● **WHAT IS BEING ASKED**: Transcribe the records word for word, beginning with the first line and ending with the line that contains "sigma R (Sigma"; include nothing else.

● **RECORD EXCERPTS**:
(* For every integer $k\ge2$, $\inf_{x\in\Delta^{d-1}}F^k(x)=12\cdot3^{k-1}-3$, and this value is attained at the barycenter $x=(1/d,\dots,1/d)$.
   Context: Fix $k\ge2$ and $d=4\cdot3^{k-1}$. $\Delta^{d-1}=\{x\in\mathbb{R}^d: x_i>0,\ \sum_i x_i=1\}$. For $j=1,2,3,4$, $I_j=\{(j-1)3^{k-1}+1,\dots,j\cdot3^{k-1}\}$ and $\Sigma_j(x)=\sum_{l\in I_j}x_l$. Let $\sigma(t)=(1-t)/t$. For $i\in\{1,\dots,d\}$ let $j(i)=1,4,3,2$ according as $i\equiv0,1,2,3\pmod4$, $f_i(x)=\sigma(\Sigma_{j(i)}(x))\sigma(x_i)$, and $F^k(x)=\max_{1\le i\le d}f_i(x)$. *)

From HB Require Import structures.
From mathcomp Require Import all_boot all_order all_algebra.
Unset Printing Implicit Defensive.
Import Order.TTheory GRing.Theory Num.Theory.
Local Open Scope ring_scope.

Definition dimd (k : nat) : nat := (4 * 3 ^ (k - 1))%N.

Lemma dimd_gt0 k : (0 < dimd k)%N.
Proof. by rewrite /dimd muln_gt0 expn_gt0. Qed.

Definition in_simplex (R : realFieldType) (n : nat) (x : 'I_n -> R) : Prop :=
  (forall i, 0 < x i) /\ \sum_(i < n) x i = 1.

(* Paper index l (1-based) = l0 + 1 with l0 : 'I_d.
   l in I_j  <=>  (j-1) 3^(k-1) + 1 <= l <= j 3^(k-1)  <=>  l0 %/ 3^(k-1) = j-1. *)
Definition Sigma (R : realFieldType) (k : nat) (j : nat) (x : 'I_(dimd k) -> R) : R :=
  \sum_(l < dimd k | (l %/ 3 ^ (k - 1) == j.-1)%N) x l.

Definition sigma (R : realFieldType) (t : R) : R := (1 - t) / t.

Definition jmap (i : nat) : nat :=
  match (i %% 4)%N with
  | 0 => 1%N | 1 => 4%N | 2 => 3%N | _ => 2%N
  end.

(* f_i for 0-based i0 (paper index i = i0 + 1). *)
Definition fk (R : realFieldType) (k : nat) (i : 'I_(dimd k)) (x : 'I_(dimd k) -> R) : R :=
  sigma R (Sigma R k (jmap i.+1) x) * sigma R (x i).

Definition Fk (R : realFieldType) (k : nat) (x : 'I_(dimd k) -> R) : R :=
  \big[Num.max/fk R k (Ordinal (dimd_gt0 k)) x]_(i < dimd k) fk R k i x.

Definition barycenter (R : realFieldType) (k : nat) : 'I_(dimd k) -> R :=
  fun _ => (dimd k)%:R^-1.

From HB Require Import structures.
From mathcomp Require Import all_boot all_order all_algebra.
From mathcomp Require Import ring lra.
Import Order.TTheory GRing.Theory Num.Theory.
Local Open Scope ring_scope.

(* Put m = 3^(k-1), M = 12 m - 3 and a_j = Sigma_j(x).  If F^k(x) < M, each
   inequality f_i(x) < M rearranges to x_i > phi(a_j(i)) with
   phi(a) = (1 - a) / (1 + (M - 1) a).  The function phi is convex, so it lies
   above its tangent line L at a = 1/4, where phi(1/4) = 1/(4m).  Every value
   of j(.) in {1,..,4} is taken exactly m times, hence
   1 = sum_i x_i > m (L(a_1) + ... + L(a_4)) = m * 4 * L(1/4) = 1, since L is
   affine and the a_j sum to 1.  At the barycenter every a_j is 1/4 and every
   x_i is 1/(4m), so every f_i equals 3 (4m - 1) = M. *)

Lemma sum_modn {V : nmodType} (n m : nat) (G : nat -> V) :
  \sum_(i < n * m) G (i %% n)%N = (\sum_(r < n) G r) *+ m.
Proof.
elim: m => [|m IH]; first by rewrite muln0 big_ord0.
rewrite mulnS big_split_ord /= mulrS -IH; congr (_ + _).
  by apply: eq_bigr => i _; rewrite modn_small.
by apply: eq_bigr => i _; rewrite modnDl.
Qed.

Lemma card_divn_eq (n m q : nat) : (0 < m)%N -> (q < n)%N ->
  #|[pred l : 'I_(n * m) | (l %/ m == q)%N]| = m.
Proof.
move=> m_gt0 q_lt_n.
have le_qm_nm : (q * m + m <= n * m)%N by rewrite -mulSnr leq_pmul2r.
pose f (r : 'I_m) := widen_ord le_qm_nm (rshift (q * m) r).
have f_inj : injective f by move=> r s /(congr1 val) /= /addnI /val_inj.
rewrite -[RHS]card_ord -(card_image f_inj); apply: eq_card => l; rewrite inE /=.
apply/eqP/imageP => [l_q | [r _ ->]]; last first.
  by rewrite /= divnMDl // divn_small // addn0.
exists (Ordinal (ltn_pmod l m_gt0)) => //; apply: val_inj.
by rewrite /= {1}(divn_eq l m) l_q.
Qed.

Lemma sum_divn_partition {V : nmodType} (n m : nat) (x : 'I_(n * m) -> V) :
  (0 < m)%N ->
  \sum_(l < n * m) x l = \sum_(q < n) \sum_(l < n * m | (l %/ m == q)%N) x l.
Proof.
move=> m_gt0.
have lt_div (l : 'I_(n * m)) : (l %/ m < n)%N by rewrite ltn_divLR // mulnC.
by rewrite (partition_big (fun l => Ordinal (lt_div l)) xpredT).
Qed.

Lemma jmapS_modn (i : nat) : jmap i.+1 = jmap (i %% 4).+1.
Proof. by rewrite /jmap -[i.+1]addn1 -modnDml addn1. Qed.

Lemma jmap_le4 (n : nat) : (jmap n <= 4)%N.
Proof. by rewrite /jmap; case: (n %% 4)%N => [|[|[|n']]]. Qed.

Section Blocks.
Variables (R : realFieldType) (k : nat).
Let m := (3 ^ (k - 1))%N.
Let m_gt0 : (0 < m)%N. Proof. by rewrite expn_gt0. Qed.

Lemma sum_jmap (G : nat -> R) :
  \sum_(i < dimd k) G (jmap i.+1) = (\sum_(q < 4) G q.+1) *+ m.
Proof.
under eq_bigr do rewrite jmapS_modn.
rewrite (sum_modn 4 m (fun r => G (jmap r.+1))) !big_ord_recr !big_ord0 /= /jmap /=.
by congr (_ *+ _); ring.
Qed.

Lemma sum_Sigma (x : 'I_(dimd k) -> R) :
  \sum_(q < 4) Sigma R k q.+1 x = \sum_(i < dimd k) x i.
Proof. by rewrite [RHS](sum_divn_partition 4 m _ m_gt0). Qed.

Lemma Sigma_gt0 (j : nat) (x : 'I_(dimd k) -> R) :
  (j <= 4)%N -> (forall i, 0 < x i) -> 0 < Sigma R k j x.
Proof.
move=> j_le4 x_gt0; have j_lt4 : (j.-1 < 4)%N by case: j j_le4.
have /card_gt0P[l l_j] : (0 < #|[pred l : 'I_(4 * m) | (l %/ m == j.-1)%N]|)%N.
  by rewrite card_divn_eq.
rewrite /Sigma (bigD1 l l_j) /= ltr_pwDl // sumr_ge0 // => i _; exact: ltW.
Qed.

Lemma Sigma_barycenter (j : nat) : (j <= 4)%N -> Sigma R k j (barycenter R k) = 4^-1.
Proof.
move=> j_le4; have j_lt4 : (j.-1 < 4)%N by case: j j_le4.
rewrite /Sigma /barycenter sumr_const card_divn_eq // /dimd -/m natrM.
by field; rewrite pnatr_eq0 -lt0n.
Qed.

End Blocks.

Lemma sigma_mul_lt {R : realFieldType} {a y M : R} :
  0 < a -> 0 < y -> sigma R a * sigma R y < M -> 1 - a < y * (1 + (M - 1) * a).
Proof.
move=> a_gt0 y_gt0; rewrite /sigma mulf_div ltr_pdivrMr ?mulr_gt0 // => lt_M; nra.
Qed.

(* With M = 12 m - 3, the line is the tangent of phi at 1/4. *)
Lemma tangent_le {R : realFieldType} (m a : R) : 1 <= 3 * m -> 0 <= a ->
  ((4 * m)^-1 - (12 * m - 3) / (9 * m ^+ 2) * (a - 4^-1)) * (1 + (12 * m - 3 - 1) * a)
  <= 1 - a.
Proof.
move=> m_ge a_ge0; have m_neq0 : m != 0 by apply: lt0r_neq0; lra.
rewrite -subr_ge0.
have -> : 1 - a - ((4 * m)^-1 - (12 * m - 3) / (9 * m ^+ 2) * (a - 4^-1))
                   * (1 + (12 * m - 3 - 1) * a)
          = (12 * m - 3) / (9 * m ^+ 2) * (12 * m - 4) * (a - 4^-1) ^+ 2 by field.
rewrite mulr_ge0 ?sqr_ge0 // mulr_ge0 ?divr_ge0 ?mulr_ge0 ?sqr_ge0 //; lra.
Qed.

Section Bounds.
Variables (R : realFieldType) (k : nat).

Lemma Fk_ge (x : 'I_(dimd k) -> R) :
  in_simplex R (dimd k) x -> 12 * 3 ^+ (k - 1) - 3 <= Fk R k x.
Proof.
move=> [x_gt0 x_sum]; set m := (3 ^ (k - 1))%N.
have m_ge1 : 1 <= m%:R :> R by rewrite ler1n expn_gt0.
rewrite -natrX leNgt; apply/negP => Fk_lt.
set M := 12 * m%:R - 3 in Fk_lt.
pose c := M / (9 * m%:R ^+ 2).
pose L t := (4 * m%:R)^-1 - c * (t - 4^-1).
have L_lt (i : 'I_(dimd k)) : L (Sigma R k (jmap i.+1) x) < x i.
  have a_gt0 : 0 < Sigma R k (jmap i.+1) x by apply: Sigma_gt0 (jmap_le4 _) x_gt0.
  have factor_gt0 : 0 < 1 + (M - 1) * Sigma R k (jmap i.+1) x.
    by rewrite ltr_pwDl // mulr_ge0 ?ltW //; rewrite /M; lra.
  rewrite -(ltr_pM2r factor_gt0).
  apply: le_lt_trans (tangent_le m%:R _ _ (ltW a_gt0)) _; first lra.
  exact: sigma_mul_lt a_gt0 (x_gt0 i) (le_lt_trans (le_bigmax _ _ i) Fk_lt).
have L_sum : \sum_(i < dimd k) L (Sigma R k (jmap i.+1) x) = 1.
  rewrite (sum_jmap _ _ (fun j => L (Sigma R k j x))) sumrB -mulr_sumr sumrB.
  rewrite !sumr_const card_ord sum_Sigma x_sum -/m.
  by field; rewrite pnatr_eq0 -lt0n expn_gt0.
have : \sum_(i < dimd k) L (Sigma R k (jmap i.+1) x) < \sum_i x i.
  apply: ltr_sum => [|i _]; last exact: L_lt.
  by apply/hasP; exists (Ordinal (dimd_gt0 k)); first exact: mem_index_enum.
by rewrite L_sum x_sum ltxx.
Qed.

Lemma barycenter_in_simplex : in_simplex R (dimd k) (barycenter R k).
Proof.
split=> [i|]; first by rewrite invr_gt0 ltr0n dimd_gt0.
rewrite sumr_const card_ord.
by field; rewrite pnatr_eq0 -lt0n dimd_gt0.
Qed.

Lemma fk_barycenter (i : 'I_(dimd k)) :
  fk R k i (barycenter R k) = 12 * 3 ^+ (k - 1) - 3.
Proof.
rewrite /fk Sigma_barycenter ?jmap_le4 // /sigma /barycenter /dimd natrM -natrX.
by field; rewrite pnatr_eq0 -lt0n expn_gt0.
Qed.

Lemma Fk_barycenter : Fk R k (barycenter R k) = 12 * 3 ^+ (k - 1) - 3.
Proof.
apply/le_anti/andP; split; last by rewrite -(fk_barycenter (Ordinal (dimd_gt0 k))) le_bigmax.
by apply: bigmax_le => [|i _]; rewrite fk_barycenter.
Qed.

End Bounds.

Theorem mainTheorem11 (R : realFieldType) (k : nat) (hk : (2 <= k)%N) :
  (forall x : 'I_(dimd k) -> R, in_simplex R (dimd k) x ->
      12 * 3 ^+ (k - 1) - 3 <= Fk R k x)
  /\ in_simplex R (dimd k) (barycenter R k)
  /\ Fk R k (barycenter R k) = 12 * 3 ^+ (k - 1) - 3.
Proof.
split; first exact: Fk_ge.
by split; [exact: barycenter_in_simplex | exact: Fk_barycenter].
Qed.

● **SOLVED PROBLEM**:
(* For every integer $k\ge2$, $\inf_{x\in\Delta^{d-1}}F^k(x)=12\cdot3^{k-1}-3$, and this value is attained at the barycenter $x=(1/d,\dots,1/d)$.
   Context: Fix $k\ge2$ and $d=4\cdot3^{k-1}$. $\Delta^{d-1}=\{x\in\mathbb{R}^d: x_i>0,\ \sum_i x_i=1\}$. For $j=1,2,3,4$, $I_j=\{(j-1)3^{k-1}+1,\dots,j\cdot3^{k-1}\}$ and $\Sigma_j(x)=\sum_{l\in I_j}x_l$. Let $\sigma(t)=(1-t)/t$. For $i\in\{1,\dots,d\}$ let $j(i)=1,4,3,2$ according as $i\equiv0,1,2,3\pmod4$, $f_i(x)=\sigma(\Sigma_{j(i)}(x))\sigma(x_i)$, and $F^k(x)=\max_{1\le i\le d}f_i(x)$. *)

From HB Require Import structures.
From mathcomp Require Import all_boot all_order all_algebra.
Unset Printing Implicit Defensive.
Import Order.TTheory GRing.Theory Num.Theory.
Local Open Scope ring_scope.

Definition dimd (k : nat) : nat := (4 * 3 ^ (k - 1))%N.

Lemma dimd_gt0 k : (0 < dimd k)%N.
Proof. by rewrite /dimd muln_gt0 expn_gt0. Qed.

Definition in_simplex (R : realFieldType) (n : nat) (x : 'I_n -> R) : Prop :=
  (forall i, 0 < x i) /\ \sum_(i < n) x i = 1.

(* Paper index l (1-based) = l0 + 1 with l0 : 'I_d.
   l in I_j  <=>  (j-1) 3^(k-1) + 1 <= l <= j 3^(k-1)  <=>  l0 %/ 3^(k-1) = j-1. *)
Definition Sigma (R : realFieldType) (k : nat) (j : nat) (x : 'I_(dimd k) -> R) : R :=
  \sum_(l < dimd k | (l %/ 3 ^ (k - 1) == j.-1)%N) x l.

Definition sigma (R : realFieldType) (t : R) : R := (1 - t) / t.

Definition jmap (i : nat) : nat :=
  match (i %% 4)%N with
  | 0 => 1%N | 1 => 4%N | 2 => 3%N | _ => 2%N
  end.

(* f_i for 0-based i0 (paper index i = i0 + 1). *)
Definition fk (R : realFieldType) (k : nat) (i : 'I_(dimd k)) (x : 'I_(dimd k) -> R) : R :=
  sigma R (Sigma R k (jmap i.+1) x) * sigma R (x i).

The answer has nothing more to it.